Menurut Revina, Dedy memberikan tiket gratis kepada sejumlah wanita yang
menjadi pengikutnya di Instagram untuk mengikuti seminar atau pelatihannya.
b. Pelaku memberikan nomor kepada korban dan menyuruh korban untuk
mengirimkan hasil foto selfie bersama pelaku.
Lanjutnya "Setelah ikut gratis, Deddy selalu kasih nomor handphone dia, terus
boleh selfie, lalu selfie-nya itu dikirim ke dia. Setelah kirim ke nomor pribadi,
Dedy tanya lagi mau konseling lagi nggak, mau training private  nggak," Banyak
perempuan yang berswafoto sama dia setelah pelatihan. Saya merasa aneh melihat
itu. Kenapa pasien harus swafoto sama terapis, bukankah identitas kita seharusnya
ditutupi? Saya tidak mau ikut pelatihan yang dihadiri banyak orang begitu, apalagi
sampai swafoto segala dan diposting di Instagram.
c. Pelaku bukan diajak ke tempat praktik melainkan di Kafe lanjutnya ke Hotel
dengan memesan kamar hotel atas nama korban
Awalnya pasien akan diajak bertemu di kafe, bukan tempat praktik, lalu
pada pertemuan selanjutanya, pasien akan diajak "ngamar" karena alasan
depresi atau masalah pasien sudah sangat berbahaya.

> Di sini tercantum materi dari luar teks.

(* Consider the sensor-network Kalman filtering model of the context, with the network state process $\{\Xi(k)\}$ a time-homogeneous Markov chain with transition probabilities $p_{ij}$. Let $V_k=\operatorname{tr}P(k\mid k-1)$ and $Z(k)=(P(k\mid k-1),\Xi(k-1))$. Then $V_k\in\mathbb{R}_{\ge0}$ for all $k\in\mathbb{N}_0$, and there exists $W\in\mathbb{R}_{\ge0}$ such that for all $k\in\mathbb{N}_0$, $$\mathbf{E}\{V_{k+1}\mid Z(k)=(P,i)\}\le W+\nu_i\big(\|A(k)\|^2\operatorname{tr}P+\operatorname{tr}Q(k)\big),$$ where $\nu_i=\sum_{j\in\mathbb{B}}p_{ij}\Pr\{r(k)=0\mid\Xi(k)=j\}$.
   Context: System: $x(k+1)=A(k)x(k)+w(k)$, $k\in\mathbb{N}_0$, $x(k)\in\mathbb{R}^n$, $x(0)\sim\mathcal N(x_0,P_0)$, $w(k)\sim\mathcal N(0,Q(k))$ independent. Sensors $S_1,\dots,S_M$: $y_m(k)=C_mx(k)+v_m(k)$, $v_m(k)\sim\mathcal N(0,R_m(k))$ independent; $x(0),w,v_m$ mutually independent; $\{A(k)\},\{Q(k)\},\{R_m(k)\}$ deterministic and bounded. $\|\cdot\|$ is the spectral norm. Network: directed tree with root (gateway) $S_0$; each $S_m$ has one outgoing edge $\mathcal E_m=(S_m,\mathrm{parent}(S_m))$ and a unique path to $S_0$ with edge set $\mathrm{edge}(\mathrm{path}(S_m))$. Network state $\Xi(k)\in\mathbb{B}=\{1,\dots,|\mathbb{B}|\}$, defined for $k\ge-1$; channel gains $h_m(k)\ge0$ with time-homogeneous conditional distributions given the network state and conditionally independent across links and times given the network states. Link successes $\gamma_m(k)\in\{0,1\}$ with $\Pr\{\gamma_m(k)=1\mid h_m(k)=h,u_m(k)=u,b_m(k)=b\}=f_m(hu,b)$, where (standing assumption) the power and bit-rate laws are $u_m(k)=\kappa_m(\Xi(k),h_1(k),\dots,h_M(k))$, $b_m(k)=\eta_m(\Xi(k),h_1(k),\dots,h_M(k))$. Conditioned on the network states, the $\gamma_m(k)$ are independent across $m$ and $k$ with $\Pr\{\gamma_m(k)=1\mid\Xi(k)=j\}$ independent of $k$; network and dropout processes are independent of $x(0),w,v_m$. Estimator: $\theta_m(k)=\prod_{\mathcal E_i\in\mathrm{edge}(\mathrm{path}(S_m))}\gamma_i(k)$, $C(k)=[\theta_1(k)C_1;\dots;\theta_M(k)C_M]$, $y(k)=[\theta_1(k)y_1(k);\dots;\theta_M(k)y_M(k)]$, $R(k)=\mathrm{diag}(R_1(k),\dots,R_M(k))$; Kalman filter $\hat x(k+1|k)=A(k)\hat x(k|k-1)+K(k)(y(k)-C(k)\hat x(k|k-1))$, $P(k+1|k)=A(k)P(k|k-1)A(k)^T+Q(k)-K(k)C(k)P(k|k-1)A(k)^T$, $K(k)=A(k)P(k|k-1)C(k)^T(C(k)P(k|k-1)C(k)^T+R(k))^{-1}$, $P(0|-1)=P_0$, $\hat x(0|-1)=x_0$. $r(k)=1$ if $C(k)$ has full column rank, $0$ otherwise. *)

From HB Require Import structures.
From mathcomp Require Import all_boot all_order all_algebra.
From mathcomp Require Import boolp classical_sets reals.
Unset Printing Implicit Defensive.
Import Order.TTheory GRing.Theory Num.Theory.
Local Open Scope ring_scope.
Local Open Scope classical_set_scope.

Section KalmanDefs.
Context {R : realType}.

Definition enorm {n : nat} (x : 'cV[R]_n) : R := Num.sqrt (\sum_i x i 0 ^+ 2).

Definition specnorm {m n : nat} (A : 'M[R]_(m, n)) : R :=
  sup [set enorm (A *m x) | x in [set x : 'cV[R]_n | enorm x = 1]].

Definition psd {n : nat} (P : 'M[R]_n) : Prop :=
  P^T = P /\ forall x : 'cV[R]_n, 0 <= (x^T *m P *m x) 0 0.
Definition pd {n : nat} (P : 'M[R]_n) : Prop :=
  P^T = P /\ forall x : 'cV[R]_n, x != 0 -> 0 < (x^T *m P *m x) 0 0.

(https://parenting.orami.co.id/magazine/5-fakta-seputar-dedy-susanto). Inti dari
percakapan itu, Dedi meminta agar sang pasien memesan kamar hotel untuk
melakukan terapi. Tapi anehnya, Dedy meminta agar si pasien memesan kamar atas
namanya bukan nama Dedy. Dengan dalih, takut ketahuan pihak penyelenggara
yang mengundangnya sebagai pembicara di hotel tersebut kalau ia sampai memesan
dua kamar atas nama dirinya. (https://herstory.co.id/read646/perang-selebgram-
revina-vt-dengan-psikolog-dedy-susanto-dokter-predator-yang-sering-ngajak-
ngamar-pasiennya).
d. Selama terapi korban tiba-tiba dilecehkan dengan meraba-raba area sensitive
atau terlarang.
Setelah berhasil membujuk korbannya datang, Dedi melakukan sesi terapi.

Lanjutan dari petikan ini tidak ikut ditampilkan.